* Provided information *
(* The probability that the step at v produces the T-values of g3. *)
Lemma first_step_prob (h g3 : asg V) : dom g3 = M3 ->
  \sum_(g1 | dom g1 == M1)
     (if restr T g1 == restr T g3 then condPr (mu v) S M1 (restr S h) g1 else 0) =
  marg T (mu v) (restr T (mrg h (restr T g3))) / marg S (mu v) (restr S h).
Proof.
move=> d3; rewrite /condPr /marg.
under eq_bigr do rewrite -if_mul.
rewrite -mulr_suml; congr (_ / _).
transitivity (\sum_(g1 | dom g1 == M1) \sum_(g | restr S g == restr S h)
   (if restr M1 g == g1 then (if restr T g1 == restr T g3 then mu v g else 0) else 0)).
  apply: eq_bigr => g1 _; rewrite big_mkcondl /=; case: ifP => _.
    by apply: eq_bigr => g _; case: ifP.
  by rewrite big1 // => g _; case: ifP.
rewrite exchange_big /=; under eq_bigr => g _ do rewrite sum_if_eq'.
rewrite [LHS]big_mkcond [RHS]big_mkcond; apply: eq_bigr => g _.
have [->|/dom_mu_v dg] := eqVneq (mu v g) 0; first by repeat case: ifP.
rewrite dom_restr dg (setIidPl (subsetDl _ _)) eqxx -(first_step_event h dg d3).
by case: (restr S g == restr S h); case: (restr T (restr M1 g) == restr T g3).
Qed.

(* Chain rule: P[g3|T] * P[g3|M2 given g3|T] = P[g3], all conditioned on h|S. *)
Lemma chain_rule (h g3 : asg V) : dom g3 = M3 ->
  condPr (mu u) T M2 (restr T (mrg h (restr T g3))) (restr M2 g3) *
  \sum_(g1 | dom g1 == M1)
     (if restr T g1 == restr T g3 then condPr (mu v) S M1 (restr S h) g1 else 0) =
  condPr (mu u) S M3 (restr S h) g3.
Proof.
move=> d3; rewrite first_step_prob // consT consS.
set r := restr T (mrg h (restr T g3)).
rewrite /condPr; under eq_bigl => g do rewrite (second_step_event h g d3).
rewrite -/(marg T (mu u) r) -/(marg S (mu u) (restr S h)).
set num := \sum_(g | _) mu u g.
have [margT0|margTn0] := eqVneq (marg T (mu u) r) 0; last by rewrite mulrA divfK.
suff -> : num = 0 by rewrite margT0 !mul0r.
apply/eqP; rewrite eq_le sumr_ge0 // andbT -margT0 /marg /num.
under eq_bigl => g do rewrite -(second_step_event h g d3).
by rewrite big_mkcondl /=; apply: ler_sum => g _; case: ifP.
Qed.

Hypothesis S_eq : B u :&: B w = B v :&: B w.

Lemma collapse_steps (A : asg V -> R) :
  marg X (scStep B mu (scStep B mu A w v) v u) =1 marg X (scStep B mu A w u).
Proof.
move=> G; rewrite marg_sum sum_scStep sum_scStep [RHS]marg_sum sum_scStep S_eq.
apply: eq_bigr => h _; congr (_ * _).
pose F g3 := condPr (mu u) T M2 (restr T (mrg h (restr T g3))) (restr M2 g3) *
   (if restr X (mrg h g3) == G then 1 else 0).
transitivity (\sum_(g1 | dom g1 == M1) condPr (mu v) S M1 (restr S h) g1 *
   \sum_(g3 | dom g3 == M3) (if restr T g3 == restr T g1 then F g3 else 0)).
  apply: eq_bigr => g1 /eqP d1; congr (_ * _); rewrite -sum_combine //.
  apply: eq_bigr => g2 /eqP d2.
  by rewrite /F combine_T // combine_M2 // -restr_T_merge two_steps_on_X.
under eq_bigr do rewrite mulr_sumr.
rewrite exchange_big /=; apply: eq_bigr => g3 /eqP d3.
transitivity (F g3 * \sum_(g1 | dom g1 == M1)
     (if restr T g1 == restr T g3 then condPr (mu v) S M1 (restr S h) g1 else 0)).
  rewrite mulr_sumr; apply: eq_bigr => g1 _; rewrite eq_sym.
  by case: ifP; rewrite ?mulr0 // mulrC.
by rewrite /F mulrAC chain_rule.
Qed.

* Exercise aim *
An exact copy is required of each line from the one containing "under eq_bigl => g do rewrite -(second_step_event" through the last line of the material, and of no other line.

* Response to the exercise *
under eq_bigl => g do rewrite -(second_step_event h g d3).
by rewrite big_mkcondl /=; apply: ler_sum => g _; case: ifP.
Qed.

Hypothesis S_eq : B u :&: B w = B v :&: B w.

Lemma collapse_steps (A : asg V -> R) :
  marg X (scStep B mu (scStep B mu A w v) v u) =1 marg X (scStep B mu A w u).
Proof.
move=> G; rewrite marg_sum sum_scStep sum_scStep [RHS]marg_sum sum_scStep S_eq.
apply: eq_bigr => h _; congr (_ * _).
pose F g3 := condPr (mu u) T M2 (restr T (mrg h (restr T g3))) (restr M2 g3) *
   (if restr X (mrg h g3) == G then 1 else 0).
transitivity (\sum_(g1 | dom g1 == M1) condPr (mu v) S M1 (restr S h) g1 *
   \sum_(g3 | dom g3 == M3) (if restr T g3 == restr T g1 then F g3 else 0)).
  apply: eq_bigr => g1 /eqP d1; congr (_ * _); rewrite -sum_combine //.
  apply: eq_bigr => g2 /eqP d2.
  by rewrite /F combine_T // combine_M2 // -restr_T_merge two_steps_on_X.
under eq_bigr do rewrite mulr_sumr.
rewrite exchange_big /=; apply: eq_bigr => g3 /eqP d3.
transitivity (F g3 * \sum_(g1 | dom g1 == M1)
     (if restr T g1 == restr T g3 then condPr (mu v) S M1 (restr S h) g1 else 0)).
  rewrite mulr_sumr; apply: eq_bigr => g1 _; rewrite eq_sym.
  by case: ifP; rewrite ?mulr0 // mulrC.
by rewrite /F mulrAC chain_rule.
Qed.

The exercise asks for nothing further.